EXERCISE DETAILS | Nothing should change. Output the data exactly.

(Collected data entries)
● ● ● ● ● ● ●

(* Let $f,g:[a;b]\to\mathbb{R}$ be two regulated functions which have no common points of discontinuity, and let $\xi\in[a;b]$. Let $\eta_0\ge\eta_1\ge\ldots$ and $\theta_0\ge\theta_1\ge\ldots$ be two sequences of non-negative numbers with $\eta_k\downarrow0$, $\theta_k\downarrow0$ as $k\to+\infty$; set $\eta_{-1}:=\sup_{a\le t\le b}|f(t)-f(a)|$, $\theta_{-1}:=\sup_{a\le t\le b}|g(b)-g(t)|$ and \[ S:=\sum_{k=0}^{+\infty}2^{k}\eta_{k-1}\, TV(g,[a;b],\theta_k)+\sum_{k=0}^{+\infty}2^{k}\theta_k\, TV(f,[a;b],\eta_k),\qquad \tilde S:=\sum_{k=0}^{+\infty}2^{k}\theta_{k-1}\, TV(f,[a;b],\eta_k)+\sum_{k=0}^{+\infty}2^{k}\eta_k\, TV(g,[a;b],\theta_k). \] If $S<+\infty$ or $\tilde S<+\infty$, then the Riemann–Stieltjes integral $\int_a^b f\,\mathrm{d}g$ exists and \[ \left|\int_a^b f\,\mathrm{d}g-f(\xi)\left[g(b)-g(a)\right]\right|\le 2\min\{S,\tilde S\}. \]
   Context: A function $h:[a;b]\to\mathbb{R}$ is regulated if the one-sided finite limits $\lim_{t\to a+}h(t)$, $\lim_{t\to b-}h(t)$ exist and, for every $x\in(a;b)$, both finite limits $\lim_{t\to x-}h(t)$ and $\lim_{t\to x+}h(t)$ exist. The total variation is $TV(h,[a;b],0)=\sup_n\sup_{a\le t_1<\dots<t_n\le b}\sum_{i=2}^{n}|h(t_i)-h(t_{i-1})|$. For $\delta\ge0$, the truncated variation is $TV(h,[a;b],\delta):=\inf\{TV(u,[a;b],0):\sup_{a\le t\le b}|h(t)-u(t)|\le\delta/2\}$; for regulated $h$ and $\delta>0$ it equals $\sup_n\sup_{a\le t_1<\dots<t_n\le b}\sum_{i=2}^{n}\max\{|h(t_i)-h(t_{i-1})|-\delta,0\}$. The Riemann–Stieltjes integral $\int_a^b f\,\mathrm{d}g$ exists if the sums $\sum_i f(\nu_i)[g(a_i)-g(a_{i-1})]$ over partitions $a=a_0<\dots<a_l=b$ with tags $\nu_i\in[a_{i-1};a_i]$ converge to a common limit as the mesh tends to $0$, independently of the tags. *)

From Stdlib Require Import Reals.
From Coquelicot Require Import Coquelicot.
Open Scope R_scope.

Definition has_right_lim (h : R -> R) (b x : R) : Prop :=
  exists l : R, forall eps, 0 < eps -> exists delta, 0 < delta /\
    forall t, x < t -> t < x + delta -> t <= b -> Rabs (h t - l) < eps.

Definition has_left_lim (h : R -> R) (a x : R) : Prop :=
  exists l : R, forall eps, 0 < eps -> exists delta, 0 < delta /\
    forall t, x - delta < t -> t < x -> a <= t -> Rabs (h t - l) < eps.
(* Let $q>1$ be an integer and $\xi$ a nonzero rational number. Then the real number $E_q(\xi)$ is either irrational or zero. If moreover $|\xi|<1$, then the real number $E_{q^{-1}}(\xi)$ is irrational.
   Context: For $Q\in\mathbb{C}$ not a root of unity, $n_Q=\frac{1-Q^n}{1-Q}$, $n_Q!=\prod_{k=1}^nk_Q$, and $E_Q(z)=\sum_{n\ge0}z^n/n_Q!$. For $q>1$, $E_q$ is entire and $E_{q^{-1}}$ converges for $|z|<q/(q-1)$. *)

From Stdlib Require Import Reals QArith Qreals.
From Coquelicot Require Import Coquelicot.
Open Scope R_scope.

Definition qnum (Q : R) (n : nat) : R := (1 - Q ^ n) / (1 - Q).

Fixpoint qfact (Q : R) (n : nat) : R :=
  match n with
  | O => 1
  | S k => qfact Q k * qnum Q (S k)
  end.

Definition qexp (Q z : R) : R := Series (fun n => z ^ n / qfact Q n).

Definition is_rational (x : R) : Prop := exists r : Q, x = Q2R r.

From Stdlib Require Import Reals QArith Qreals Lia Lra Psatz Classical.
From Coquelicot Require Import Coquelicot.
Open Scope R_scope.

(* For an integer q >= 2 let f(y) = sum_M y^M / prod_(k<=M) (q^k - 1), so that
   E_q(z) = f((q-1) z) and f(q y) = (1 + y) f(y).  Using the functional equation one
   builds a polynomial A_n with A_n f = sum_M P_n(q^M) y^M / prod_(k<=M) (q^k - 1),
   where P_n(u) = prod_(1<=j<=n) (u - q^(n+j)): the coefficients of index n+1..2n
   vanish and those of index <= n are integers (Gaussian binomials).  For y = a/B with
   B >= a^2 + 1, if V f(y) were an integer with V <> 0, then V B^n (A_n f - first 2n+1
   terms) would be a nonzero integer of size O((a^2/B)^n), which is absurd; the
   functional equation reduces any nonzero rational argument to that case.
   For the second claim, E_(1/q)(x) E_q(-x) is continuous at 0 and invariant under
   x -> x/q, hence equal to its value 1 at 0. *)

Definition is_int (x : R) : Prop := exists z : Z, x = IZR z.

Lemma is_int_IZR (z : Z) : is_int (IZR z).
Proof. now exists z. Qed.

Lemma is_int_INR (n : nat) : is_int (INR n).
Proof. rewrite INR_IZR_INZ; apply is_int_IZR. Qed.

Lemma is_int_plus x y : is_int x -> is_int y -> is_int (x + y).
Proof. intros [a ->] [b ->]; exists (a + b)%Z; now rewrite plus_IZR. Qed.

Lemma is_int_opp x : is_int x -> is_int (- x).
Proof. intros [a ->]; exists (- a)%Z; now rewrite opp_IZR. Qed.

Lemma is_int_minus x y : is_int x -> is_int y -> is_int (x - y).
Proof. intros Hx Hy; apply is_int_plus; [exact Hx | now apply is_int_opp]. Qed.

Lemma is_int_mult x y : is_int x -> is_int y -> is_int (x * y).
Proof. intros [a ->] [b ->]; exists (a * b)%Z; now rewrite mult_IZR. Qed.

Lemma is_int_pow x n : is_int x -> is_int (x ^ n).
Proof.
  intros Hx; induction n as [|n IH]; simpl; [apply is_int_IZR | now apply is_int_mult].
Qed.

Lemma is_int_abs_lt_1 x : is_int x -> Rabs x < 1 -> x = 0.
Proof.
  intros [z ->] H. rewrite <- abs_IZR in H. apply lt_IZR in H.
  now replace z with 0%Z by lia.
Qed.

Lemma is_int_pos_ge_1 x : is_int x -> 0 < x -> 1 <= x.
Proof. intros [z ->] H. apply lt_IZR in H. apply IZR_le. lia. Qed.

Create HintDb is_int.
#[local] Hint Resolve is_int_IZR is_int_INR is_int_plus is_int_opp is_int_minus
  is_int_mult is_int_pow : is_int.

● ● ● ● ● ● ●

YOUR RESPONSE |
(* Let $f,g:[a;b]\to\mathbb{R}$ be two regulated functions which have no common points of discontinuity, and let $\xi\in[a;b]$. Let $\eta_0\ge\eta_1\ge\ldots$ and $\theta_0\ge\theta_1\ge\ldots$ be two sequences of non-negative numbers with $\eta_k\downarrow0$, $\theta_k\downarrow0$ as $k\to+\infty$; set $\eta_{-1}:=\sup_{a\le t\le b}|f(t)-f(a)|$, $\theta_{-1}:=\sup_{a\le t\le b}|g(b)-g(t)|$ and \[ S:=\sum_{k=0}^{+\infty}2^{k}\eta_{k-1}\, TV(g,[a;b],\theta_k)+\sum_{k=0}^{+\infty}2^{k}\theta_k\, TV(f,[a;b],\eta_k),\qquad \tilde S:=\sum_{k=0}^{+\infty}2^{k}\theta_{k-1}\, TV(f,[a;b],\eta_k)+\sum_{k=0}^{+\infty}2^{k}\eta_k\, TV(g,[a;b],\theta_k). \] If $S<+\infty$ or $\tilde S<+\infty$, then the Riemann–Stieltjes integral $\int_a^b f\,\mathrm{d}g$ exists and \[ \left|\int_a^b f\,\mathrm{d}g-f(\xi)\left[g(b)-g(a)\right]\right|\le 2\min\{S,\tilde S\}. \]
   Context: A function $h:[a;b]\to\mathbb{R}$ is regulated if the one-sided finite limits $\lim_{t\to a+}h(t)$, $\lim_{t\to b-}h(t)$ exist and, for every $x\in(a;b)$, both finite limits $\lim_{t\to x-}h(t)$ and $\lim_{t\to x+}h(t)$ exist. The total variation is $TV(h,[a;b],0)=\sup_n\sup_{a\le t_1<\dots<t_n\le b}\sum_{i=2}^{n}|h(t_i)-h(t_{i-1})|$. For $\delta\ge0$, the truncated variation is $TV(h,[a;b],\delta):=\inf\{TV(u,[a;b],0):\sup_{a\le t\le b}|h(t)-u(t)|\le\delta/2\}$; for regulated $h$ and $\delta>0$ it equals $\sup_n\sup_{a\le t_1<\dots<t_n\le b}\sum_{i=2}^{n}\max\{|h(t_i)-h(t_{i-1})|-\delta,0\}$. The Riemann–Stieltjes integral $\int_a^b f\,\mathrm{d}g$ exists if the sums $\sum_i f(\nu_i)[g(a_i)-g(a_{i-1})]$ over partitions $a=a_0<\dots<a_l=b$ with tags $\nu_i\in[a_{i-1};a_i]$ converge to a common limit as the mesh tends to $0$, independently of the tags. *)

From Stdlib Require Import Reals.
From Coquelicot Require Import Coquelicot.
Open Scope R_scope.

Definition has_right_lim (h : R -> R) (b x : R) : Prop :=
  exists l : R, forall eps, 0 < eps -> exists delta, 0 < delta /\
    forall t, x < t -> t < x + delta -> t <= b -> Rabs (h t - l) < eps.

Definition has_left_lim (h : R -> R) (a x : R) : Prop :=
  exists l : R, forall eps, 0 < eps -> exists delta, 0 < delta /\
    forall t, x - delta < t -> t < x -> a <= t -> Rabs (h t - l) < eps.
(* Let $q>1$ be an integer and $\xi$ a nonzero rational number. Then the real number $E_q(\xi)$ is either irrational or zero. If moreover $|\xi|<1$, then the real number $E_{q^{-1}}(\xi)$ is irrational.
   Context: For $Q\in\mathbb{C}$ not a root of unity, $n_Q=\frac{1-Q^n}{1-Q}$, $n_Q!=\prod_{k=1}^nk_Q$, and $E_Q(z)=\sum_{n\ge0}z^n/n_Q!$. For $q>1$, $E_q$ is entire and $E_{q^{-1}}$ converges for $|z|<q/(q-1)$. *)

From Stdlib Require Import Reals QArith Qreals.
From Coquelicot Require Import Coquelicot.
Open Scope R_scope.

Definition qnum (Q : R) (n : nat) : R := (1 - Q ^ n) / (1 - Q).

Fixpoint qfact (Q : R) (n : nat) : R :=
  match n with
  | O => 1
  | S k => qfact Q k * qnum Q (S k)
  end.

Definition qexp (Q z : R) : R := Series (fun n => z ^ n / qfact Q n).

Definition is_rational (x : R) : Prop := exists r : Q, x = Q2R r.

From Stdlib Require Import Reals QArith Qreals Lia Lra Psatz Classical.
From Coquelicot Require Import Coquelicot.
Open Scope R_scope.

(* For an integer q >= 2 let f(y) = sum_M y^M / prod_(k<=M) (q^k - 1), so that
   E_q(z) = f((q-1) z) and f(q y) = (1 + y) f(y).  Using the functional equation one
   builds a polynomial A_n with A_n f = sum_M P_n(q^M) y^M / prod_(k<=M) (q^k - 1),
   where P_n(u) = prod_(1<=j<=n) (u - q^(n+j)): the coefficients of index n+1..2n
   vanish and those of index <= n are integers (Gaussian binomials).  For y = a/B with
   B >= a^2 + 1, if V f(y) were an integer with V <> 0, then V B^n (A_n f - first 2n+1
   terms) would be a nonzero integer of size O((a^2/B)^n), which is absurd; the
   functional equation reduces any nonzero rational argument to that case.
   For the second claim, E_(1/q)(x) E_q(-x) is continuous at 0 and invariant under
   x -> x/q, hence equal to its value 1 at 0. *)

Definition is_int (x : R) : Prop := exists z : Z, x = IZR z.

Lemma is_int_IZR (z : Z) : is_int (IZR z).
Proof. now exists z. Qed.

Lemma is_int_INR (n : nat) : is_int (INR n).
Proof. rewrite INR_IZR_INZ; apply is_int_IZR. Qed.

Lemma is_int_plus x y : is_int x -> is_int y -> is_int (x + y).
Proof. intros [a ->] [b ->]; exists (a + b)%Z; now rewrite plus_IZR. Qed.

Lemma is_int_opp x : is_int x -> is_int (- x).
Proof. intros [a ->]; exists (- a)%Z; now rewrite opp_IZR. Qed.

Lemma is_int_minus x y : is_int x -> is_int y -> is_int (x - y).
Proof. intros Hx Hy; apply is_int_plus; [exact Hx | now apply is_int_opp]. Qed.

Lemma is_int_mult x y : is_int x -> is_int y -> is_int (x * y).
Proof. intros [a ->] [b ->]; exists (a * b)%Z; now rewrite mult_IZR. Qed.

Lemma is_int_pow x n : is_int x -> is_int (x ^ n).
Proof.
  intros Hx; induction n as [|n IH]; simpl; [apply is_int_IZR | now apply is_int_mult].
Qed.

Lemma is_int_abs_lt_1 x : is_int x -> Rabs x < 1 -> x = 0.
Proof.
  intros [z ->] H. rewrite <- abs_IZR in H. apply lt_IZR in H.
  now replace z with 0%Z by lia.
Qed.

Lemma is_int_pos_ge_1 x : is_int x -> 0 < x -> 1 <= x.
Proof. intros [z ->] H. apply lt_IZR in H. apply IZR_le. lia. Qed.

Create HintDb is_int.
#[local] Hint Resolve is_int_IZR is_int_INR is_int_plus is_int_opp is_int_minus
  is_int_mult is_int_pow : is_int.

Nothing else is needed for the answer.